ASSIGNMENT: Return every line from the one with "have Q0 : 0 < Q by rewrite ltr_pwDr." through the one with "have l01 : 0 <= l <= 1 by rewrite !ltW.", inclusive, exactly as it appears below.

--- INFORMATION Enclosed Below ---

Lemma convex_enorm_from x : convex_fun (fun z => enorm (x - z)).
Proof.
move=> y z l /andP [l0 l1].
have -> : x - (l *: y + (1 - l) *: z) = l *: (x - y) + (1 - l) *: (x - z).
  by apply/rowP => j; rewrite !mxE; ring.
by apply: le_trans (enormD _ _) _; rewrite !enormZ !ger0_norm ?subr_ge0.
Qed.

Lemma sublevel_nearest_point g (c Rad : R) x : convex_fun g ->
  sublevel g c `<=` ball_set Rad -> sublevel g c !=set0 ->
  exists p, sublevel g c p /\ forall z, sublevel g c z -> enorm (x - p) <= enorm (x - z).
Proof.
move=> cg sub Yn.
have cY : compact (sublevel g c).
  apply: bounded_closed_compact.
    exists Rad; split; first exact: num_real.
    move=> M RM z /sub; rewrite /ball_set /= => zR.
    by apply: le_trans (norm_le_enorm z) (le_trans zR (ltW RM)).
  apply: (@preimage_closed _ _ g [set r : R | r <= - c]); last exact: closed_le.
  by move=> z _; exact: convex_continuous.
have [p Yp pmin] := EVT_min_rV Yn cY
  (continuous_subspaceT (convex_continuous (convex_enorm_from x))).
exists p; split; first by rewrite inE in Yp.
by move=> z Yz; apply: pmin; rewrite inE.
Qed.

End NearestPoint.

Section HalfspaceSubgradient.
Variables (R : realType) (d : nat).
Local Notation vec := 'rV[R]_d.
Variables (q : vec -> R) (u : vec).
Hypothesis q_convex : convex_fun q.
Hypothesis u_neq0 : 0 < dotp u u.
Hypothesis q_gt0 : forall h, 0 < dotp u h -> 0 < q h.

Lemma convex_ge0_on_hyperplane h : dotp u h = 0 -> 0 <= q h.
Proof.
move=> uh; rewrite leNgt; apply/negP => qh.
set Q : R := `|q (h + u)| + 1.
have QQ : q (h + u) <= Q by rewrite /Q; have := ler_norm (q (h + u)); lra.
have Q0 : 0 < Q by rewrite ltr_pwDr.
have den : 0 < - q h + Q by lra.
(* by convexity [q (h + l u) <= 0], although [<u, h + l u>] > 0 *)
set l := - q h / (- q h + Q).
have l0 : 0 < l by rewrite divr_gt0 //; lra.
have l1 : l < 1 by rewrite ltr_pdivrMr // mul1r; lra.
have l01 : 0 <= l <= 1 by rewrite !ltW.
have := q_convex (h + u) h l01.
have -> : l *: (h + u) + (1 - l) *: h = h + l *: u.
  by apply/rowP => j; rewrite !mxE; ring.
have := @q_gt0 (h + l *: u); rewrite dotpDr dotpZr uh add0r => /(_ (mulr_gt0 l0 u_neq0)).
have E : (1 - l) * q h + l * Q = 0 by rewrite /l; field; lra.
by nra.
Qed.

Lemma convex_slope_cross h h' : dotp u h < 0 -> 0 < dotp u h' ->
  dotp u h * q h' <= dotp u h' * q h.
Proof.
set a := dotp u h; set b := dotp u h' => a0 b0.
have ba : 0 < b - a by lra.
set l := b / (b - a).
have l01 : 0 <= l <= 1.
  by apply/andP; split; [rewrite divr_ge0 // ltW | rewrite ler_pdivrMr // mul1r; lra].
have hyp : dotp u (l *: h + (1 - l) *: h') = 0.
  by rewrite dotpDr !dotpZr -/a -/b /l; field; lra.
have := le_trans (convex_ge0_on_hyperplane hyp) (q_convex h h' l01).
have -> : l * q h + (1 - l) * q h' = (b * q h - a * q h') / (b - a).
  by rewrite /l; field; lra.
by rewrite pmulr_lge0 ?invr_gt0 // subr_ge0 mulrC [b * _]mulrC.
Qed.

--- End of Enclosed INFORMATION ---
--- INFORMATION Enclosed Below ---

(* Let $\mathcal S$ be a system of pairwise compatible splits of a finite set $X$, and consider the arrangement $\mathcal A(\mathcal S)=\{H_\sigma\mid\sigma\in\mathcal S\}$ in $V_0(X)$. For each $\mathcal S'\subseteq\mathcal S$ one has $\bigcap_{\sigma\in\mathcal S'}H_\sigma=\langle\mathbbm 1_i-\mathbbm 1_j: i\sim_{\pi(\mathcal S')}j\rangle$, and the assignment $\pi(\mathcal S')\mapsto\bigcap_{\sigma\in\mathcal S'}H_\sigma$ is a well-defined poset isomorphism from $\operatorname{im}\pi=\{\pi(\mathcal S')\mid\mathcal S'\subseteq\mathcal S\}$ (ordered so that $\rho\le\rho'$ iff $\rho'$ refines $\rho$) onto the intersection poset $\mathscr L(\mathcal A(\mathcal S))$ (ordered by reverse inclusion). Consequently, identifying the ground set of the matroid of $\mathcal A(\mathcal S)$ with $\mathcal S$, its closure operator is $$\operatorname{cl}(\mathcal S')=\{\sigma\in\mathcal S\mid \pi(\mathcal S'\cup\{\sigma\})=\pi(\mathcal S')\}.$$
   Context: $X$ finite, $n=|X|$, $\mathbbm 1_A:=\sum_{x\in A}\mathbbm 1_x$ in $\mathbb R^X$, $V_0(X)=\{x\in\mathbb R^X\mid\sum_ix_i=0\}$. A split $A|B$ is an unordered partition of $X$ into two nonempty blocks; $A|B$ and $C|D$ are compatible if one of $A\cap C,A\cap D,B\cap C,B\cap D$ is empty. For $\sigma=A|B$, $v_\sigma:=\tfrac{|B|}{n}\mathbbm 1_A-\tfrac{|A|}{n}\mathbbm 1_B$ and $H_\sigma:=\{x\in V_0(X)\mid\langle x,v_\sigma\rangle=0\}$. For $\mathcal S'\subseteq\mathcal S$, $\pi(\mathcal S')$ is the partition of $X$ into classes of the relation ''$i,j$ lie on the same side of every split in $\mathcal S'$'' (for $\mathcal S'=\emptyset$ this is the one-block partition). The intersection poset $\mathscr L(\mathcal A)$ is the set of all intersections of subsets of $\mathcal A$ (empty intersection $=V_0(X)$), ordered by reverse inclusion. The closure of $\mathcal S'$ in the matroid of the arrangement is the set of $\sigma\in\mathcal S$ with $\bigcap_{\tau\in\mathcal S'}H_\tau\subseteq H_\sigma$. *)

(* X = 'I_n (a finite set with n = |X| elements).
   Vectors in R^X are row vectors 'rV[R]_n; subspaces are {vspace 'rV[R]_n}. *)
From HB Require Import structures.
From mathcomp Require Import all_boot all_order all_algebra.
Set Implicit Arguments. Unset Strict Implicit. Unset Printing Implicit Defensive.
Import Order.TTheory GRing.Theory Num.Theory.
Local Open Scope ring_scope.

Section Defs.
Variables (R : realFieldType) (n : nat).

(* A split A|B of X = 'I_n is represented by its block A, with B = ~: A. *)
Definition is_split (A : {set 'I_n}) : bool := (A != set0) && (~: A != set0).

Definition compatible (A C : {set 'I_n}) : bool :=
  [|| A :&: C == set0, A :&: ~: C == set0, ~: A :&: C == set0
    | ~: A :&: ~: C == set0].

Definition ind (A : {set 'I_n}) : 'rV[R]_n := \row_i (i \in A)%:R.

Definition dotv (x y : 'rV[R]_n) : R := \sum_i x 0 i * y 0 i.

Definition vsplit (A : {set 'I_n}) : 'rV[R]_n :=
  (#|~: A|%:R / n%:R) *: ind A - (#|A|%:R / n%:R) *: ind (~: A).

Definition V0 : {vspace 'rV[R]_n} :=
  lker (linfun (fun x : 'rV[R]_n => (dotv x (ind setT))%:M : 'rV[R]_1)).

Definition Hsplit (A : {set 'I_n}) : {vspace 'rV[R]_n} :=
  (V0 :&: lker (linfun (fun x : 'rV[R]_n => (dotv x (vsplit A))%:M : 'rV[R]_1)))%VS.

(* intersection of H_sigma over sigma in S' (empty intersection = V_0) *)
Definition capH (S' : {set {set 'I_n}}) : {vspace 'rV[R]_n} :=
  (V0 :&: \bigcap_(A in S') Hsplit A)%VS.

--- End of Enclosed INFORMATION ---
--- INFORMATION Enclosed Below ---

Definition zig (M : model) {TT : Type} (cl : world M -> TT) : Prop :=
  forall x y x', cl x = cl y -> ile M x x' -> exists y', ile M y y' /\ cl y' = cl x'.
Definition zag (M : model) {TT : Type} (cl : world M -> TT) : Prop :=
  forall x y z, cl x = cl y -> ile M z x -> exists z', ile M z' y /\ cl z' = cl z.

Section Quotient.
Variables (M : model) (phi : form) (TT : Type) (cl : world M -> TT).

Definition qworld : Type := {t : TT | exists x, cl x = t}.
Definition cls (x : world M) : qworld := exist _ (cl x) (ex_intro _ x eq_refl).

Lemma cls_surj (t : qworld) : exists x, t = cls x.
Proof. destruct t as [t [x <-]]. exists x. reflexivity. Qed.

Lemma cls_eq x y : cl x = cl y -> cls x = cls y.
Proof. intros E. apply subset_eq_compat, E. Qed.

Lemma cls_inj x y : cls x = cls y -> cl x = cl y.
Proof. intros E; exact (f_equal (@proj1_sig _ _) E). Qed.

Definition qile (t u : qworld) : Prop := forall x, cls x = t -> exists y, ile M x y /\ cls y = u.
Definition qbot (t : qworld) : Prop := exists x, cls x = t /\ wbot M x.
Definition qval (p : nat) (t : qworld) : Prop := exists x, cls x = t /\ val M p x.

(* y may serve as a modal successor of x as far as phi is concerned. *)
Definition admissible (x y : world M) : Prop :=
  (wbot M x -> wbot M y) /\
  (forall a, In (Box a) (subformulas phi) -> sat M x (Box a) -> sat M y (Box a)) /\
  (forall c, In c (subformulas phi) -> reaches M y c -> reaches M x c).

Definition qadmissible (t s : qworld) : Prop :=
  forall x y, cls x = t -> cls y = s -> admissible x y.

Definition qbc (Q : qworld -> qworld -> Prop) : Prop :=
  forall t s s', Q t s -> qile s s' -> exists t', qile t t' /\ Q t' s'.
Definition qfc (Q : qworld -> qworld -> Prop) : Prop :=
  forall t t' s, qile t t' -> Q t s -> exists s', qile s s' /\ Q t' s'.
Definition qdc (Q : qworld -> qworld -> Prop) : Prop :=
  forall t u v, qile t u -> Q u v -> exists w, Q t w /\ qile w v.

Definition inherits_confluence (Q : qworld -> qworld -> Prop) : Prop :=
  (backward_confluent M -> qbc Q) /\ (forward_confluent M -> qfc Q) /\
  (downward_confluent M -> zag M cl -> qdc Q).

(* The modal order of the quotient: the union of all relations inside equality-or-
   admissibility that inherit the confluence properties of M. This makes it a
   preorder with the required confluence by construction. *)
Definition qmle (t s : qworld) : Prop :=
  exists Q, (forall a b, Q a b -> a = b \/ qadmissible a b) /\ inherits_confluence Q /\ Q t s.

--- End of Enclosed INFORMATION ---

SOLUTION FOR THIS PROBLEM:
have Q0 : 0 < Q by rewrite ltr_pwDr.
have den : 0 < - q h + Q by lra.
(* by convexity [q (h + l u) <= 0], although [<u, h + l u>] > 0 *)
set l := - q h / (- q h + Q).
have l0 : 0 < l by rewrite divr_gt0 //; lra.
have l1 : l < 1 by rewrite ltr_pdivrMr // mul1r; lra.
have l01 : 0 <= l <= 1 by rewrite !ltW.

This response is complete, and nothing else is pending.